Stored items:
####

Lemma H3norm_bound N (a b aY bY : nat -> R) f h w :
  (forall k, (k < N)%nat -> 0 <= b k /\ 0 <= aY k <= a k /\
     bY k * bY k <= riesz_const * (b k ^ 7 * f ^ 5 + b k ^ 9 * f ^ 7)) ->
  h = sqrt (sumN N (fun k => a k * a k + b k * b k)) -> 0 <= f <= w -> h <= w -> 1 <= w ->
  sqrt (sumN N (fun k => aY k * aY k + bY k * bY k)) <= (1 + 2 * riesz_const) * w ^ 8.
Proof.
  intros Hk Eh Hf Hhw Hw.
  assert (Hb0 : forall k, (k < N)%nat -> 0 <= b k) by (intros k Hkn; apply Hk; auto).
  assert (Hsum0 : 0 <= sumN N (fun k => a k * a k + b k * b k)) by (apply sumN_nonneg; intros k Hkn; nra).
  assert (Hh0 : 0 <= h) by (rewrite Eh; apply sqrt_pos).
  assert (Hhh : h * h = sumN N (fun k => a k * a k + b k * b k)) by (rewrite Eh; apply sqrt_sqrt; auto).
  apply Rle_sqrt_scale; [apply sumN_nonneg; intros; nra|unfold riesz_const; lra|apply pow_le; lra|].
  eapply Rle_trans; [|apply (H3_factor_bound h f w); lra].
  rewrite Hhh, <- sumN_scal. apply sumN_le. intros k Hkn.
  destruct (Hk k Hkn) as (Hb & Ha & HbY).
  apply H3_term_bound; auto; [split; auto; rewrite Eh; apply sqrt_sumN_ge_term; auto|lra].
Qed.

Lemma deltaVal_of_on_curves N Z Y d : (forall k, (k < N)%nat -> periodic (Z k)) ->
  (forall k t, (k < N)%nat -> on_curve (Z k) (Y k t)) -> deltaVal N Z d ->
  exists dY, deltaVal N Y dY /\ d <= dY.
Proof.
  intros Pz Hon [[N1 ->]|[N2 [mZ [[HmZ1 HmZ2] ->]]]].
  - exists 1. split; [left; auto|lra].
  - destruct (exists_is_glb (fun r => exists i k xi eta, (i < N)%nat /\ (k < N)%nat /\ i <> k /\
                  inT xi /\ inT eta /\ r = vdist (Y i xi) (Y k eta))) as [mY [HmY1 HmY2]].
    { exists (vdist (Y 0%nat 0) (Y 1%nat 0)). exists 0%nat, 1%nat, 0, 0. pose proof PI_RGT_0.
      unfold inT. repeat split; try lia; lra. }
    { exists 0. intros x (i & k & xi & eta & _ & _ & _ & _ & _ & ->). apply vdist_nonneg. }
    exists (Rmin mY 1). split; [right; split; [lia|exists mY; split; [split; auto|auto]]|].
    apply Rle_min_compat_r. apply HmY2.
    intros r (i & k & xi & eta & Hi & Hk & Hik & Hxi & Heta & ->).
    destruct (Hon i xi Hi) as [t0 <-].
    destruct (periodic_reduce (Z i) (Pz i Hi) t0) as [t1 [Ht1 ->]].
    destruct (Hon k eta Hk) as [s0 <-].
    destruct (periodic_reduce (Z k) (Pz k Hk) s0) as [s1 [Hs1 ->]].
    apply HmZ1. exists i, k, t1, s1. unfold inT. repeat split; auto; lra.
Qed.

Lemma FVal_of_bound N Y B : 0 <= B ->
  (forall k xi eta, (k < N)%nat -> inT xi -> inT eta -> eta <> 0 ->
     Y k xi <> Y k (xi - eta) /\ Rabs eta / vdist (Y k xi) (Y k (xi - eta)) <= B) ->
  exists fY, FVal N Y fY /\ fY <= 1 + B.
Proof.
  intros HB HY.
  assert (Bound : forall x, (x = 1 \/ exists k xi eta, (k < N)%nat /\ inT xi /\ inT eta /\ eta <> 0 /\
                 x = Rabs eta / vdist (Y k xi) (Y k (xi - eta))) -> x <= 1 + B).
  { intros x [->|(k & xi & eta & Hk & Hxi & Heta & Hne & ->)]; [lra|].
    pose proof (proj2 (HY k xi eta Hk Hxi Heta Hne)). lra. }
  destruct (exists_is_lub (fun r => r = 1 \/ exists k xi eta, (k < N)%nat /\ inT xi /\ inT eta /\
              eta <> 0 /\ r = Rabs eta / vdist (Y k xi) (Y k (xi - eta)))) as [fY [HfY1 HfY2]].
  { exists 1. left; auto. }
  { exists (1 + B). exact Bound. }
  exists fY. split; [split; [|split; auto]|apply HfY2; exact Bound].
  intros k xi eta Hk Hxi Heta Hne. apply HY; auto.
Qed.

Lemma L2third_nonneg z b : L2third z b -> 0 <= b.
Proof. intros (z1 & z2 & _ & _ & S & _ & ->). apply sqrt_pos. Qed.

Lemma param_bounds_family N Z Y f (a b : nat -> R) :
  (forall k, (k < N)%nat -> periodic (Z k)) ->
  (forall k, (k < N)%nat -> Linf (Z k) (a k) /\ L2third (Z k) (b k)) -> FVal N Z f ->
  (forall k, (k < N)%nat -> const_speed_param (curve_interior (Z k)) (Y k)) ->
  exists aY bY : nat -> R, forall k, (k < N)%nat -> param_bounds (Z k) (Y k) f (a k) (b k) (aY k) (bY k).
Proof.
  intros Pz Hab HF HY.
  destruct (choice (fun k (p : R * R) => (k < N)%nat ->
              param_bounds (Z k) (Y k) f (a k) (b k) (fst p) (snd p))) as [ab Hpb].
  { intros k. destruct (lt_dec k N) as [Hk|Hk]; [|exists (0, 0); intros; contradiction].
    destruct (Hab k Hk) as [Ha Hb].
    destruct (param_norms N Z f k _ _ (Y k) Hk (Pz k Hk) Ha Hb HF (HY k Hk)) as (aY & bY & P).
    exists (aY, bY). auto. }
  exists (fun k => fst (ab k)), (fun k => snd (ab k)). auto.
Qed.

####

● **Task requirements**
Show each line of the data that contains the string "rewrite".

● **Reply**
  assert (Hh0 : 0 <= h) by (rewrite Eh; apply sqrt_pos).
  assert (Hhh : h * h = sumN N (fun k => a k * a k + b k * b k)) by (rewrite Eh; apply sqrt_sqrt; auto).
  rewrite Hhh, <- sumN_scal. apply sumN_le. intros k Hkn.
  apply H3_term_bound; auto; [split; auto; rewrite Eh; apply sqrt_sumN_ge_term; auto|lra].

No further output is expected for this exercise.